EM182, Edinburgh
Free
The maths society are hosting our first ever colloquim with lecturer Lyonell Boulton on The Notion of Approximation, How to Twist it, Turn it, and Make it Useful. Below is the description of the talk:
“The notion of a series expansion of a function is fundamental in mathematics. Taylor/Maclaurin series, Laurent series and Fourier series, are among the best tools available to solve equations, prove theorems and even compute values of strange mathematical constants. In this talk, I will describe my research on a general Fourier approximation theorem. In it, we will deform the circle, twist the classical trigonometric functions by turning their definition, and we will even get rid of the classical identity pi.”
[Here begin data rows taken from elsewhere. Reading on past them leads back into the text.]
(* Let $a,b\in \mathcal{A}^{\mathrm{gcEP}}$, $\lambda,\mu\in \mathbb{C}^*$. If $ab=\lambda ba$, $a^*b=\mu ba^*$, then $ab\in \mathcal{A}^{\mathrm{gcEP}}$. In this case, $(ab)^{\mathrm{gcEP}}=b^{\mathrm{gcEP}}a^{\mathrm{gcEP}}=\lambda^{-1}a^{\mathrm{gcEP}}b^{\mathrm{gcEP}}$.
   Context: $\mathcal{A}$ is a complex Banach *-algebra with identity, and $\mathbb{C}^*$ is the set of nonzero complex numbers. An element $a$ has a generalized core-EP inverse if there is $x\in\mathcal{A}$ with $x=ax^2$, $(ax)^*=ax$, $\lim_{n\to\infty}\|a^n-xa^{n+1}\|^{1/n}=0$; such $x$ is unique, denoted $a^{\mathrm{gcEP}}$, and $\mathcal{A}^{\mathrm{gcEP}}$ is the set of such $a$. *)

From HB Require Import structures.
From mathcomp Require Import all_boot all_order all_algebra.
From mathcomp Require Import all_classical all_reals all_analysis.
From mathcomp Require Import complex.
Set Implicit Arguments. Unset Strict Implicit. Unset Printing Implicit Defensive.
Import Order.TTheory GRing.Theory Num.Theory.
Import numFieldNormedType.Exports.
Local Open Scope classical_set_scope.
Local Open Scope ring_scope.

Record banach_star_algebra (R : realType) (A : algType R[i])
    (star : A -> A) (nrm : A -> R) : Prop := BanachStarAlgebra {
  star_add : forall x y : A, star (x + y) = star x + star y;
  star_scale : forall (c : R[i]) (x : A), star (c *: x) = conjc c *: star x;
  star_mul : forall x y : A, star (x * y) = star y * star x;
  star_invol : forall x : A, star (star x) = x;
  nrm_ge0 : forall x : A, 0 <= nrm x;
  nrm_eq0 : forall x : A, nrm x = 0 -> x = 0;
  nrm_triangle : forall x y : A, nrm (x + y) <= nrm x + nrm y;
  nrm_scale : forall (c : R[i]) (x : A), nrm (c *: x) = Normc.normc c * nrm x;
  nrm_submul : forall x y : A, nrm (x * y) <= nrm x * nrm y;
  nrm_complete : forall u : nat -> A,
    (forall e : R, 0 < e -> exists N : nat, forall m n : nat,
        (N <= m)%N -> (N <= n)%N -> nrm (u m - u n) < e) ->
    exists l : A, forall e : R, 0 < e -> exists N : nat, forall n : nat,
        (N <= n)%N -> nrm (u n - l) < e
}.
(* Let $f\colon\underline I=I_1\times\cdots\times I_n\to\mathbb R$ be a convex and separately increasing function ($I_i$ intervals), and let $H$ be a finite-dimensional Hilbert space. Let $\underline x=(x_1,\dots,x_n)$ and $\underline y=(y_1,\dots,y_n)$ be abelian $n$-tuples of self-adjoint operators on $H$ with $\sigma(x_i),\sigma(y_i)\subseteq I_i$ for all $i$. If $x_i\le y_i$ for $i=1,\dots,n$, then $f(\underline x)\prec_w f(\underline y)$.
   Context: Separately increasing means increasing in each variable when the others are held fixed. An $n$-tuple is abelian if its entries commute; $f$ of an abelian tuple of self-adjoint operators is defined by joint functional calculus. For a self-adjoint operator $x$ on an $m$-dimensional Hilbert space, $x_{[1]}\ge\cdots\ge x_{[m]}$ are its eigenvalues counted with multiplicity in decreasing order, and $x\prec_w y$ means $\sum_{i=1}^k x_{[i]}\le\sum_{i=1}^k y_{[i]}$ for $k=1,\dots,m$. *)

(* real numbers R : realType, complex numbers R[i]
   (mathcomp-real-closed), matrices over R[i] model operators on the
   m-dimensional Hilbert space C^m. *)
From mathcomp Require Import all_boot all_order all_algebra.
From mathcomp Require Import reals.
From mathcomp.real_closed Require Import complex.

Set Implicit Arguments.
Unset Strict Implicit.
Unset Printing Implicit Defensive.

Import Order.TTheory GRing.Theory Num.Theory.
Local Open Scope ring_scope.
Local Open Scope complex_scope.
Local Open Scope sesquilinear_scope.

Definition selfadjoint (R : realType) (m : nat) (x : 'M[R[i]]_m) : Prop :=
  x ^t* = x.
(* Let $G$ be a $(P_2\cup P_4)$-free graph. Then $\chi(G)\le\frac{\omega(G)^3-\omega(G)^2+2\omega(G)}{2}$.
   Context: All graphs are finite, simple and undirected. $P_n$ is the path on $n$ vertices and $P_2\cup P_4$ is the disjoint union of $P_2$ and $P_4$. $G$ is $(P_2\cup P_4)$-free if it has no induced subgraph isomorphic to $P_2\cup P_4$. $\chi$ is the chromatic number and $\omega$ the clique number. *)

From mathcomp Require Import all_boot.
Set Implicit Arguments. Unset Strict Implicit. Unset Printing Implicit Defensive.

Definition simple_graph (T : finType) (e : rel T) : Prop :=
  symmetric e /\ irreflexive e.

Definition is_clique (T : finType) (e : rel T) (A : {set T}) : bool :=
  [forall x in A, forall y in A, (x != y) ==> e x y].

Definition clique_number (T : finType) (e : rel T) : nat :=
  \max_(A : {set T} | is_clique e A) #|A|.

Definition proper_coloring (T : finType) (e : rel T) (k : nat) (c : T -> 'I_k) : Prop :=
  forall x y, e x y -> c x != c y.

Definition colorable (T : finType) (e : rel T) (k : nat) : Prop :=
  exists c : T -> 'I_k, proper_coloring e c.

Lemma colorable_card (T : finType) (e : rel T) :
  irreflexive e -> exists k, colorable e k.
Proof.
move=> irr; exists #|T|; exists (@enum_rank T) => x y exy.
apply/negP => /eqP /enum_rank_inj Exy; subst y; by rewrite irr in exy.
Qed.

(* chromatic number chi(G): least k with a proper k-colouring
   (for a non-irreflexive relation it is defaulted to 0; only used on simple graphs) *)
Definition chromatic_number (T : finType) (e : rel T) : nat :=
  match boolP [forall x, ~~ e x x] with
  | AltTrue h =>
      ex_minn (P := fun k => [exists c : {ffun T -> 'I_k},
                               [forall x, forall y, e x y ==> (c x != c y)]])
        (let: ex_intro k (ex_intro c hc) :=
             colorable_card (fun x => negbTE (forallP h x)) in
         ex_intro _ k (introT existsP (ex_intro _ (finfun c)
            (introT forallP (fun x => introT forallP (fun y =>
               introT implyP (fun exy => eq_ind_r (fun a => a != _ )
                 (eq_ind_r (fun b => c x != b) (hc x y exy) (ffunE c y))
                 (ffunE c x))))))))
  | AltFalse _ => 0
  end.

(* the graph P2 ∪ P4 on vertex set 'I_6: edges 0-1 and the path 2-3-4-5 *)
Definition P2uP4_edge (i j : 'I_6) : bool :=
  let a := minn i j in let b := maxn i j in
  [|| (a == 0) && (b == 1), (a == 2) && (b == 3),
      (a == 3) && (b == 4) | (a == 4) && (b == 5)].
Here is a bit about Lyonnel:
“I have been an academic at Heriot-Watt since 2005. I arrived as a post-doctoral researcher, then became a lecturer in 2007, a reader in 2010 and a full professor in 2022. My area of specialism within the mathematical sciences is the interplay between pure and applicable spectral theory. Although normally work with both approaches, I prefer constructive over non-constructive mathematical proofs. This means that I prefer developing frameworks to examine specific properties of a mathematical model, over studying big or too abstract theories. During my career I have changed subjects completely about every 5 years. I was classically trained in spectral and operator theory, then moved to computational mathematics and mathematical physics, then to approximation theory and ODEs, then to non-self-adjoint operators and one-parameter semigroups, and right now I am working on revivals and fractality.”
This event will be in-person in EM182 at 14:30 on Wednesday 22nd October.